In August 2011, Al Jazeera (AJ) journalist Samer Allawi was arrested and detained for making contact with Hamas' military wing.
Jerusalem is its headquarters in Israel, perhaps not much longer. According to Israeli communications director Ayoub Kara, "professional discussions" were initiated to draft legislation, shutting down the network.
During July 14 - 28 Israeli instigated violence at the Al Aksa mosque and compound, Netanyahu lied, accusing AJ of "inciting violence" - demanding the shutting down of its operations.
According to Israel's press office head Nitzan Hen, press cards aren't permitted for journalists posing a "risk to national security."
On Sunday, Kara said Israel intends revoking press credentials of its journalists, ending its broadcasts on Israeli television if followed-through.
In response, Netanyahu tweeted Kara was "following my guidance...to end Al Jazeera's incitement in Israel."
The Federation of Arab Journalists (FAJ) denounced the move, calling it a flagrant free press violation, especially with regard to the Israeli/Palestinian conflict.
It called on the Federation of Journalists (IFJ) to intervene, pressuring Israel against implementing its hostile intention.
AJ slammed what it called its "dangerous" decision, a statement saying it "deplores this action," indicating it'll "follow up the subject through appropriate legal and judicial procedures."
AJ political analyst Marwan Bishara tweeted: "Israel takes its cue from Arab dictators: 'We have based our decision on the move by Sunni Arab states to close the Al Jazeera offices.' "

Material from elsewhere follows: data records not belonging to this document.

(* Let $n\geq 1$ and let $C_1,\ldots,C_n$ be finite cyclic groups whose orders are pairwise coprime. Then $$M^{(2)}\Big(C_1 * C_2 * \cdots * C_n\Big)\cong \bigoplus_{i=1}^{n} M^{(2)}(C_i),$$ where $C_1*\cdots*C_n$ denotes the free product of the $C_i$.
   Context: For a group $G$ with a free presentation $1\to R\to F\to G\to 1$ ($F$ free, $R\trianglelefteq F$), and an integer $c\geq 1$, the $c$-nilpotent multiplier of $G$ (the Baer-invariant of $G$ with respect to the variety of nilpotent groups of class at most $c$) is $M^{(c)}(G)=\dfrac{R\cap \gamma_{c+1}(F)}{[R,\,_cF]}$, where $\gamma_{k}(F)$ is the $k$-th term of the lower central series of $F$ ($\gamma_1(F)=F$, $\gamma_{k+1}(F)=[\gamma_k(F),F]$), $[R,\,_1F]=[R,F]$ and $[R,\,_cF]=[[R,\,_{c-1}F],F]$. This group is abelian and, up to isomorphism, independent of the chosen free presentation. $M^{(1)}(G)$ is the Schur multiplier. *)

From mathcomp Require Import all_boot.
Set Implicit Arguments. Unset Strict Implicit. Unset Printing Implicit Defensive.

(* A (possibly infinite) group given by its operations.  No axioms are  *)
(* bundled: the only instances used below (free groups and finite       *)
(* direct products of them) are genuine groups.                         *)
Record grp := Grp {
  gcar :> Type;
  gmul : gcar -> gcar -> gcar;
  ginv : gcar -> gcar;
  gone : gcar }.

Section GroupNotions.
Variable G : grp.
Implicit Types (x y : G) (S A B : G -> Prop).

Definition gpow x (m : nat) : G := iter m (gmul x) (gone G).
Definition gconj x y : G := gmul (ginv y) (gmul x y).
Definition gcomm x y : G := gmul (ginv x) (gmul (ginv y) (gmul x y)).

Fixpoint all_in S (l : seq (G * bool)) : Prop :=
  match l with [::] => True | p :: l' => S p.1 /\ all_in S l' end.

Definition gen S : G -> Prop := fun x =>
  exists l : seq (G * bool),
    all_in S l /\
    x = foldr (fun p acc => gmul (if p.2 then ginv p.1 else p.1) acc) (gone G) l.

Definition setTg : G -> Prop := fun _ => True.

Definition commsub A B : G -> Prop :=
  gen (fun z => exists a b, A a /\ B b /\ z = gcomm a b).

Fixpoint gamma (k : nat) : G -> Prop :=
  match k with
  | 0 | 1 => setTg
  | k'.+1 => commsub (gamma k') setTg
  end.

Fixpoint itcomm (R : G -> Prop) (c : nat) : G -> Prop :=
  match c with
  | 0 => R
  | c'.+1 => commsub (itcomm R c') setTg
  end.

Definition ncl S : G -> Prop := gen (fun z => exists s y, S s /\ z = gconj s y).

(* the c-nilpotent multiplier of the presentation 1 -> R -> F -> F/R -> 1
   is the quotient (mult_num R c) / (mult_den R c) *)
Definition mult_num (R : G -> Prop) (c : nat) : G -> Prop :=
  fun x => R x /\ gamma c.+1 x.
Definition mult_den (R : G -> Prop) (c : nat) : G -> Prop := itcomm R c.
End GroupNotions.

(* Isomorphism of subquotients A/B (in G) and A'/B' (in H), B normal in A,
   B' normal in A': a map f : A -> A' inducing a bijective homomorphism
   A/B -> A'/B'. *)
Definition quot_iso (G H : grp) (A B : G -> Prop) (A' B' : H -> Prop) : Prop :=
  exists f : G -> H,
    [/\ (forall x, A x -> A' (f x)),
        (forall x y, A x -> A y ->
           B' (gmul (ginv (f (gmul x y))) (gmul (f x) (f y)))),
        (forall x, A x -> (B x <-> B' (f x))) &
        (forall y, A' y -> exists2 x, A x & B' (gmul (ginv (f x)) y))].

Definition prodgrp (I : Type) (G : grp) : grp :=
  @Grp (I -> G) (fun f g i => gmul (f i) (g i)) (fun f i => ginv (f i))
       (fun _ => gone G).

(* Free group on an eqType X: freely reduced words over X x bool         *)
(* (true = inverse letter).                                             *)
Section FreeGroup.
Variable X : eqType.
Definition letter := (X * bool)%type.

Fixpoint reducedb (w : seq letter) : bool :=
  match w with
  | a :: ((b :: _) as w') => ~~ ((a.1 == b.1) && (a.2 != b.2)) && reducedb w'
  | _ => true
  end.

Definition cons_red (a : letter) (w : seq letter) : seq letter :=
  match w with
  | b :: w' => if (a.1 == b.1) && (a.2 != b.2) then w' else a :: w
  | [::] => [:: a]
  end.

Definition red (w : seq letter) : seq letter := foldr cons_red [::] w.

Lemma reducedb_tail a w : reducedb (a :: w) -> reducedb w.
Proof. by case: w => [|b w] //= /andP[]. Qed.

Lemma cons_red_reduced a w : reducedb w -> reducedb (cons_red a w).
Proof.
case: w => [|b w] //= Hw.
case: ifP => Hc; first exact: (reducedb_tail Hw).
by rewrite /= Hc.
Qed.

Lemma red_reduced w : reducedb (red w).
Proof. by elim: w => [|a w IH] //=; apply: cons_red_reduced. Qed.

Definition FGtype := {w : seq letter | reducedb w}.
Definition mkFG (w : seq letter) : FGtype := exist _ (red w) (red_reduced w).
Definition flip (a : letter) : letter := (a.1, ~~ a.2).

Definition FG : grp :=
  @Grp FGtype (fun u v => mkFG (proj1_sig u ++ proj1_sig v))
       (fun u => mkFG (map flip (rev (proj1_sig u))))
       (mkFG [::]).

Definition fgen (x : X) : FG := mkFG [:: (x, false)].
End FreeGroup.

Definition cyc_rel (m : nat) : FG unit -> Prop :=
  ncl (fun z => z = gpow (fgen tt) m).

Definition freeprod_rel (n : nat) (m : 'I_n -> nat) : FG (ordinal n) -> Prop :=
  ncl (fun z => exists i : 'I_n, z = gpow (fgen i) (m i)).

(* Let F be free on x_1, ..., x_n, R the normal closure of the r_i = x_i^(m_i),
   K = [R, F] and N = [R, F, F]; the free product has M^(2) = (R :&: gamma_3 F)/N,
   and each cyclic factor has trivial M^(2) since the free group of rank one is
   abelian, so it suffices to show that R :&: gamma_3 F is contained in N.
   Modulo K, R is generated by the central elements r_i, and the exponent sum of
   x_i, which kills gamma_2 F, shows that an element of R :&: gamma_3 F lies in K.
   Modulo N, K is generated by the central elements c_ij = [r_i, x_j], with
   c_ii = 1 and c_ij^(m_j) = c_ji^(-m_i); coprimality yields t_ij (i < j) with
   c_ij = t_ij^(m_i) and c_ji = t_ij^(-m_j), so every element of K is a product of
   powers of the t_ij modulo N.  The morphism from F onto the Heisenberg group
   sending x_i and x_j to the two standard generators (and every other x_l to 1)
   kills gamma_3 F and N and reads off the exponent of t_ij, which must vanish. *)

From HB Require Import structures.
From mathcomp Require Import all_boot ssralg ssrint zify ring.

Set Implicit Arguments.
Unset Strict Implicit.
Unset Printing Implicit Defensive.

(** * Free groups *)

Section FreeReduction.
Variable X : eqType.
Implicit Types (a b : letter X) (u v w : seq (letter X)).

Lemma flipK : involutive (@flip X).
Proof. by case=> a1 a2; rewrite /flip /= negbK. Qed.

Lemma inverse_letterE a b : (a.1 == b.1) && (a.2 != b.2) = (b == flip a).
Proof.
case: a b => [a1 a2] [b1 b2]; rewrite /flip /= xpair_eqE eq_sym.
by case: a2; case: b2.
Qed.

Lemma cons_red_id a w : reducedb (a :: w) -> cons_red a w = a :: w.
Proof. by case: w => [|b w] //= /andP[/negbTE ->]. Qed.

Lemma red_id w : reducedb w -> red w = w.
Proof.
elim: w => [|a w IH] //= Hw.
by rewrite IH ?(reducedb_tail Hw) // cons_red_id.
Qed.

Lemma cons_red_flipK a w : reducedb w -> cons_red (flip a) (cons_red a w) = w.
Proof.
case: w => [|b w] /=; first by rewrite /flip /= eqxx; case: a.2.
move=> Hw; case: ifP => [|_]; last by rewrite /= eqxx; case: a.2.
rewrite inverse_letterE => /eqP Hb; subst b; exact: cons_red_id.
Qed.

Lemma foldr_cons_red_reduced u w : reducedb w -> reducedb (foldr (@cons_red X) w u).
Proof. by move=> Hw; elim: u => [|a u IH] //=; apply: cons_red_reduced. Qed.

Lemma foldr_cons_red a u w : reducedb w ->
  foldr (@cons_red X) w (cons_red a u) = cons_red a (foldr (@cons_red X) w u).
Proof.
case: u => [|b u] //= Hw; case: ifP => //=.
rewrite inverse_letterE => /eqP->; rewrite -{1}(flipK a) cons_red_flipK //.
exact: foldr_cons_red_reduced.
Qed.

Lemma foldr_red u w : reducedb w -> foldr (@cons_red X) w (red u) = foldr (@cons_red X) w u.
Proof. by move=> Hw; elim: u => [|a u IH] //=; rewrite foldr_cons_red // IH. Qed.

Lemma red_cat u v : red (u ++ v) = foldr (@cons_red X) (red v) u.
Proof. by rewrite /red foldr_cat. Qed.

Lemma red_redl u v : red (red u ++ v) = red (u ++ v).
Proof. by rewrite !red_cat foldr_red // red_reduced. Qed.

Lemma red_redr u v : red (u ++ red v) = red (u ++ v).
Proof. by rewrite !red_cat red_id // red_reduced. Qed.

Lemma red_flip_catl u w : reducedb w -> foldr (@cons_red X) w (map (@flip X) (rev u) ++ u) = w.
Proof.
elim: u w => [|a u IH] w Hw //=.
rewrite rev_cons map_rcons -cats1 -catA /= foldr_cat /= cons_red_flipK.
  by rewrite -foldr_cat IH.
exact: foldr_cons_red_reduced.
Qed.

Lemma red_flip_catr u w : reducedb w -> foldr (@cons_red X) w (u ++ map (@flip X) (rev u)) = w.
Proof.
elim: u w => [|a u IH] w Hw //=.
rewrite rev_cons map_rcons -cats1 catA foldr_cat /= IH ?cons_red_reduced //.
by rewrite -{1}(flipK a) cons_red_flipK.
Qed.

End FreeReduction.

Local Open Scope group_scope.

Section FreeGroupType.
Variable X : choiceType.

Definition fgroup := FGtype X.
HB.instance Definition _ := [Choice of fgroup by <:].

Let fmul (u v : fgroup) : fgroup := @gmul (FG X) u v.
Let finv (u : fgroup) : fgroup := @ginv (FG X) u.
Let fone : fgroup := gone (FG X).

Lemma fgroup_mulA : associative fmul.
Proof. by move=> [u Hu] [v Hv] [w Hw]; apply: val_inj; rewrite /= red_redl red_redr catA. Qed.

Lemma fgroup_mul1g : left_id fone fmul.
Proof. by move=> [u Hu]; apply: val_inj; rewrite /= red_id. Qed.

Lemma fgroup_mulg1 : right_id fone fmul.
Proof. by move=> [u Hu]; apply: val_inj; rewrite /= cats0 red_id. Qed.

Lemma fgroup_mulVg : left_inverse fone finv fmul.
Proof. by move=> [u Hu]; apply: val_inj; rewrite /= red_redl /red red_flip_catl. Qed.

So far, AJ's Jerusalem bureau head Walid al-Omari said he hasn't received official notification of closure. He believes "Netanyahu wants to distract attention for issues he's facing" - relating to possible bribery, fraud and breach of trust charges.
Saudi Arabia, the UAE, Bahrain and Jordan shut down AJ operations because of a Persian Gulf feud. Egypt's banned it years earlier - a nation Reporters Without Borders calls "one of the biggest prisons for journalists."
American University in Beirut's Rami Khouri said "(r)egimes that want to control power will almost always go after two targets - the media and foreigners."
AJ's operating days in Israel appear numbered.